I think whether it's the present or future tense doesn't matter so much. We could just as well say:
*Now that we've achieved* 100% pollution-free energy production, lossless energy storage *is still *decades away.


Wordsmyth said:


> The sentence could have been "The realization of that level of artificial intelligence will be decades away _(from now)._" [2080 is decades away from 2015.]
> 
> But it was actually "That level of artificial intelligence is _(now)_ decades away from being realized _(in the future)._" [2015 is decades away from 2080.]


Note that in order to use "away from now" at the end, you had to put "being realized" ("the realization of") at the beginning of the sentence.
Ok, if we assume that "that level of AI" is "the idea, existing now, of that level of AI" -- then it could work.
But it still strange. Because on its own, "that level of AI" only implies a future. To me at least.

Thank you, everyone!


----------



## Wordsmyth

VikNikSor said:


> Ok, if we assume that "that level of AI" is "the idea, existing now, of that level of AI" -- then it could work.

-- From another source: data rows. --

Lemma piag_Phi_step_bound d N tau (f : nat -> vec d -> R) gf Ln domh hv delay alpha
    (x : nat -> vec d) k :
  (forall n, (n < N)%nat ->
     convex_fun (f n) /\ is_gradient (f n) (gf n) /\ lipschitz (gf n) (Ln n)) ->
  convex_ext domh hv ->
  (forall n, (n < N)%nat -> (delay k n <= tau)%nat) ->
  0 < alpha -> piag_step N gf delay domh hv alpha x k ->
  forall y, domh y ->
    Phi N f hv (x (S k)) + / (2 * alpha) * (norm (vsub (x (S k)) (x k)) ^ 2
                                            + norm (vsub y (x (S k))) ^ 2)
    <= Phi N f hv y + / (2 * alpha) * norm (vsub y (x k)) ^ 2
       + sumR N Ln * (INR tau + 1) / 2 * delay_window x k tau.
Proof.
  intros HA1 Hconv Hdel Halpha Hstep y Hy.
  pose proof (prox_three_point d domh hv _ _ _ alpha Halpha Hconv Hstep y Hy).
  pose proof (FF_delayed_gradient_bound d N tau f gf Ln delay x k HA1 (fun n => Hdel n) y).
  unfold Phi; lra.
Qed.

Lemma quadratic_growth_contraction alpha beta q D : 0 < alpha -> 0 < beta ->
  q >= beta / 2 * D ^ 2 ->
  / (2 * alpha) * D ^ 2 <= (1 - alpha * beta / (1 + alpha * beta)) * (q + / (2 * alpha) * D ^ 2).
Proof.
  intros Ha Hb Hq.
  assert (Hid : (1 - alpha * beta / (1 + alpha * beta)) * (q + / (2 * alpha) * D ^ 2)
                - / (2 * alpha) * D ^ 2 = / (1 + alpha * beta) * (q - beta / 2 * D ^ 2))
    by (field; split; nra).
  assert (0 <= / (1 + alpha * beta) * (q - beta / 2 * D ^ 2))
    by (apply Rmult_le_pos; [apply Rlt_le, Rinv_0_lt_compat; nra|lra]).
  lra.
Qed.

Theorem mainTheorem3 (d N tau : nat) (f : nat -> vec d -> R) (gf : nat -> vec d -> vec d)
  (Ln : nat -> R) (domh : vec d -> Prop) (hv : vec d -> R)
  (delay : nat -> nat -> nat) (alpha beta Phistar : R) (x : nat -> vec d) :
  (* A1 *)
  (forall n, (n < N)%nat ->
     convex_fun (f n) /\ is_gradient (f n) (gf n) /\
     (forall y z, norm (vsub (gf n y) (gf n z)) <= Ln n * norm (vsub y z))) ->
  (* A2 *)
  proper_h domh -> closed_ext domh hv -> convex_ext domh hv -> subdiff_nonempty domh hv ->
  (* A3 *)
  (forall k n, (n < N)%nat -> (delay k n <= tau)%nat) ->
  (* A4: Phistar is the minimal value of Phi, attained (X nonempty), quadratic growth *)
  (exists xs, domh xs /\ Phi N f hv xs = Phistar) ->
  (forall y, domh y -> Phistar <= Phi N f hv y) ->
  0 < beta ->
  (forall y, domh y ->
     Phi N f hv y - Phistar >= beta / 2 * (dist_set (Xset N f domh hv Phistar) y) ^ 2) ->
  0 < alpha ->
  (forall k, piag_step N gf delay domh hv alpha x k) ->
  forall k, domh (x k) ->
    Psi N f domh hv Phistar alpha (x (S k)) <=
      (1 - alpha * beta / (1 + alpha * beta)) * Psi N f domh hv Phistar alpha (x k)
      - / (2 * alpha) * (norm (vsub (x (S k)) (x k))) ^ 2
      + sumR N Ln * (INR tau + 1) / 2 *
        sum_f_R0 (fun i => if (i <=? k)%nat
                           then (norm (vsub (x (k - i + 1)%nat) (x (k - i)%nat))) ^ 2
                           else 0) tau.
Proof.
  intros HA1 _ _ Hconv _ Hdel Hex _ Hbeta Hqg Halpha Hstep k Hxk.
  change (sum_f_R0 _ tau) with (delay_window x k tau).
  set (X := Xset N f domh hv Phistar); set (K := / (2 * alpha)).
  set (slack := sumR N Ln * (INR tau + 1) / 2 * delay_window x k tau).
  assert (HK : 0 < K) by (apply Rinv_0_lt_compat; lra).
  (* comparing the step with every minimizer bounds it by the distance of [x k] to [X] *)
  assert (Hcomp : Psi N f domh hv Phistar alpha (x (S k)) + K * norm (vsub (x (S k)) (x k)) ^ 2
                  - slack <= K * dist_set X (x k) ^ 2).
  { apply (dist_set_sq_ge d X); [exact Hex|exact HK|]; intros y [Hy HPhiy].
    pose proof (piag_Phi_step_bound d N tau f gf Ln domh hv delay alpha x k
                  HA1 Hconv (Hdel k) Halpha (Hstep k) y Hy) as Hstepy.
    pose proof (dist_set_sq_le d X (x (S k)) y (conj Hy HPhiy)) as Hdist.
    apply (Rmult_le_compat_l K) in Hdist; [|lra].
    rewrite (norm_vsub_sym d y), HPhiy in Hstepy; rewrite (norm_vsub_sym d (x k)).
    fold K slack in Hstepy; unfold Psi; fold X K; lra. }
  pose proof (quadratic_growth_contraction alpha beta _ _ Halpha Hbeta (Hqg (x k) Hxk)) as Hrate.
  fold X K in Hrate; unfold Psi at 2; fold X K; lra.
Qed.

We don't have to assume it, Vik. That sentence is a standard English construction that (viewed in the context of the whole statement) _does_ signify just that — and it _does_ work.



VikNikSor said:


> Because on its own, "that level of AI" only implies a future. To me at least.


 It's a present idea about a future reality.

Ws


----------



## JulianStuart

VikNikSor said:


> But it still strange. Because on its own, "that level of AI" only implies a future. To me at least.


Perhaps that's the problem.  Even though a parameter may currently be changing with time, a specific level of, e.g., AI has no _intrinsic_ link to any specific time.  Just like a specific temperature doesn't.
The average temperature is rising very slowly but the melting of the glaciers on the planet is only decades away from completion.


----------



## VicNicSor

JulianStuart said:


> AI has no _intrinsic_ link to any specific time. Just like a specific temperature doesn't.


"AI" doesn't, but "that level of AI" does...


JulianStuart said:


> The average temperature is rising very slowly but the melting of the glaciers on the planet is only decades away from completion.


That's clear, but still I find it different from the OP. Because "the melting of the glaciers on the planet" clearly indicates the present...


----------



## JulianStuart

VikNikSor said:


> "AI" doesn't, but "that level of AI" does...
> 
> That's clear, but still I find it different from the OP. Because "the melting of the glaciers on the planet" clearly indicates the present...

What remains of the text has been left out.